§ **Work item**:
In the entries below, find the line with "Lemma varK : cancel" and the line with "(U_(lshift n (lab". Print those two and everything between them exactly, and nothing else.

§ **Records for processing**:
Lemma weight_T2 i j a r q : (i < j)%N -> (0 < r)%N ->
  (weight (a + r + 1) i + weight (a + q) j < weight (a + 1) i + weight (a + r + q) j)%N.
Proof. by rewrite /weight => hij hr; nia. Qed.

Section Kernel.
Variables (K : fieldType) (n : nat).
Local Notation V := (Vx n).
Local Notation X := (Xring K n).
Local Notation J := (in_ideal_gen (Tgens K n)).
Local Notation phi := (@phi K n).
Implicit Types (u w : V) (m : 'X_{1..NV n}) (k a b : 'I_(NV n)) (q : X).
Implicit Types (i j c : 'I_n) (A B : {set 'I_n}).

Definition lab u : 'I_n := (val u).1.
Definition st u : {set 'I_n} := (val u).2.
Definition var k : V := enum_val k.
Definition mkV i A (h : i \notin A) : V :=
  @exist _ (fun x : 'I_n * {set 'I_n} => x.1 \notin x.2) (i, A) h.

Lemma varK : cancel enum_rank var. Proof. exact: enum_rankK. Qed.

Lemma lab_notin_st u : lab u \notin st u. Proof. exact: valP u. Qed.

Lemma V_inj u w : lab u = lab w -> st u = st w -> u = w.
Proof.
move=> hl hs; apply: val_inj; move: hl hs; rewrite /lab /st.
by case: (val u) => ? ?; case: (val w) => ? ? /= -> ->.
Qed.

Lemma xvarE i A (h : i \notin A) : xvar K i A = 'X_(enum_rank (mkV h)).
Proof. by rewrite /xvar (@insubT _ (fun x : 'I_n * {set 'I_n} => x.1 \notin x.2) V (i, A) h). Qed.

Lemma card_le_n A : (#|A| <= n)%N.
Proof. by rewrite -[n in (_ <= n)%N]card_ord max_card. Qed.

Definition Dv u : 'X_{1..n+n} :=
  (U_(lshift n (lab u)) + \sum_(j in st u) U_(rshift n j))%MM.

Lemma Dv_lshift u i : Dv u (lshift n i) = (lab u == i).
Proof.
rewrite /Dv mnmDE mnm_sumE mnm1E eq_lshift big1 ?addn0 // => j _.
by rewrite mnm1E; apply/eqP; rewrite eqb0 -val_eqE /=; have := ltn_ord i; lia.
Qed.

Lemma Dv_rshift u c : Dv u (rshift n c) = (c \in st u).
Proof.
rewrite /Dv mnmDE mnm_sumE mnm1E.
have -> : (lshift n (lab u) == rshift n c) = false.
  by apply/negbTE; rewrite -val_eqE /=; have := ltn_ord (lab u); lia.
rewrite add0n (eq_bigr (fun j => (j == c) : nat)) => [|j _]; last first.
  by rewrite mnm1E eq_rshift.
have [hc | hc] := boolP (c \in st u).
  by rewrite (bigD1 c) //= eqxx big1 // => j /andP[_ /negbTE ->].
by rewrite big1 // => j hj; case: eqP hj hc => // -> ->.
Qed.

Lemma Dv2_eq u w u' w' :
  (forall i, (lab u == i) + (lab w == i) = (lab u' == i) + (lab w' == i))%N ->
  (forall c, (c \in st u) + (c \in st w) = (c \in st u') + (c \in st w'))%N ->
  (Dv u + Dv w = Dv u' + Dv w')%MM.
Proof.
move=> hl hs; apply/mnmP => x; rewrite (mnmDE _ (Dv u)) (mnmDE _ (Dv u')) -(splitK x).
case: (split x) => [i|c].
  by change (unsplit (inl i)) with (lshift n i); rewrite !Dv_lshift.
by change (unsplit (inr c)) with (rshift n c); rewrite !Dv_rshift.
Qed.

Definition Dmn m : 'X_{1..n+n} := (\sum_k Dv (var k) *+ m k)%MM.

Lemma DmnU k : Dmn U_(k)%MM = Dv (var k).
Proof.
rewrite /Dmn (bigD1 k) //= mnm1E eqxx big1 ?addm0 // => k' hk.
by rewrite mnm1E eq_sym (negbTE hk).
Qed.

Lemma Dmn_coord m x : Dmn m x = (\sum_k m k * Dv (var k) x)%N.
Proof. by rewrite /Dmn mnm_sumE; apply: eq_bigr => k _; rewrite mulmnE mulnC. Qed.

Lemma DmnD m1 m2 : Dmn (m1 + m2)%MM = (Dmn m1 + Dmn m2)%MM.
Proof.
apply/mnmP => x; rewrite mnmDE !Dmn_coord -big_split.
by apply: eq_bigr => k _; rewrite mnmDE mulnDl.
Qed.

Lemma Dmn_lshift_gt0 m i :
  (0 < Dmn m (lshift n i))%N = [exists k, (0 < m k)%N && (lab (var k) == i)].
Proof.
by rewrite Dmn_coord (eq_bigr _ (fun k _ => congr1 _ (Dv_lshift _ i))) sum_nat_mulb_gt0.
Qed.

Lemma Dmn_rshift_gt0 m c :
  (0 < Dmn m (rshift n c))%N = [exists k, (0 < m k)%N && (c \in st (var k))].
Proof.
by rewrite Dmn_coord (eq_bigr _ (fun k _ => congr1 _ (Dv_rshift _ c))) sum_nat_mulb_gt0.
Qed.

Lemma phiB q q' : phi (q - q') = phi q - phi q'.
Proof. exact: raddfB. Qed.

Lemma phiM q q' : phi (q * q') = phi q * phi q'.
Proof. exact: rmorphM. Qed.

Lemma phi_sum (I : Type) (r : seq I) (F : I -> X) :
  phi (\sum_(i <- r) F i) = \sum_(i <- r) phi (F i).
Proof. exact: raddf_sum. Qed.

Lemma phiX m : phi 'X_[m] = 'X_[Dmn m].
Proof.
rewrite /Defs.phi mmapX /mmap1 -mprodXnE; apply: eq_bigr => k _.
by rewrite /phi_img /Dv mpolyXD mprodXE.
Qed.

Lemma phiE q : phi q = \sum_(m <- msupp q) q@_m *: 'X_[Dmn m].
Proof.
rewrite {1}(mpolyE q) phi_sum; apply: eq_bigr => m _.
by rewrite -phiX /Defs.phi mmapZ mul_mpolyC.
Qed.

Lemma phi_binomial_eq0 u w u' w' :
  (forall i, (lab u == i) + (lab w == i) = (lab u' == i) + (lab w' == i))%N ->
  (forall c, (c \in st u) + (c \in st w) = (c \in st u') + (c \in st w'))%N ->
  phi ('X_(enum_rank u) * 'X_(enum_rank w) - 'X_(enum_rank u') * 'X_(enum_rank w')) = 0.
Proof.
move=> hl hs; rewrite -!mpolyXD phiB !phiX !DmnD !DmnU !varK.
by rewrite (Dv2_eq hl hs) subrr.
Qed.

Lemma phi_T1_bin i A j B : T1_pred i A j B -> phi (T1_bin K i A j B) = 0.
Proof.
case/and5P=> _ hu hw hm hM.
have hIU x : ((x \in A) + (x \in B) = (x \in A :&: B) + (x \in A :|: B))%N.
  by rewrite !inE; case: (x \in A); case: (x \in B).
rewrite /T1_bin; case: (leqP i j) => hij /= in hm hM *.
  rewrite (xvarE hu) (xvarE hw) (xvarE hm) (xvarE hM).
  by apply: phi_binomial_eq0 => x.
rewrite (xvarE hu) (xvarE hw) (xvarE hm) (xvarE hM).
by apply: phi_binomial_eq0 => x; rewrite /lab /st //= addnC.
Qed.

§ **Output for this exercise**:
Lemma varK : cancel enum_rank var. Proof. exact: enum_rankK. Qed.

Lemma lab_notin_st u : lab u \notin st u. Proof. exact: valP u. Qed.

Lemma V_inj u w : lab u = lab w -> st u = st w -> u = w.
Proof.
move=> hl hs; apply: val_inj; move: hl hs; rewrite /lab /st.
by case: (val u) => ? ?; case: (val w) => ? ? /= -> ->.
Qed.

Lemma xvarE i A (h : i \notin A) : xvar K i A = 'X_(enum_rank (mkV h)).
Proof. by rewrite /xvar (@insubT _ (fun x : 'I_n * {set 'I_n} => x.1 \notin x.2) V (i, A) h). Qed.

Lemma card_le_n A : (#|A| <= n)%N.
Proof. by rewrite -[n in (_ <= n)%N]card_ord max_card. Qed.

Definition Dv u : 'X_{1..n+n} :=
  (U_(lshift n (lab u)) + \sum_(j in st u) U_(rshift n j))%MM.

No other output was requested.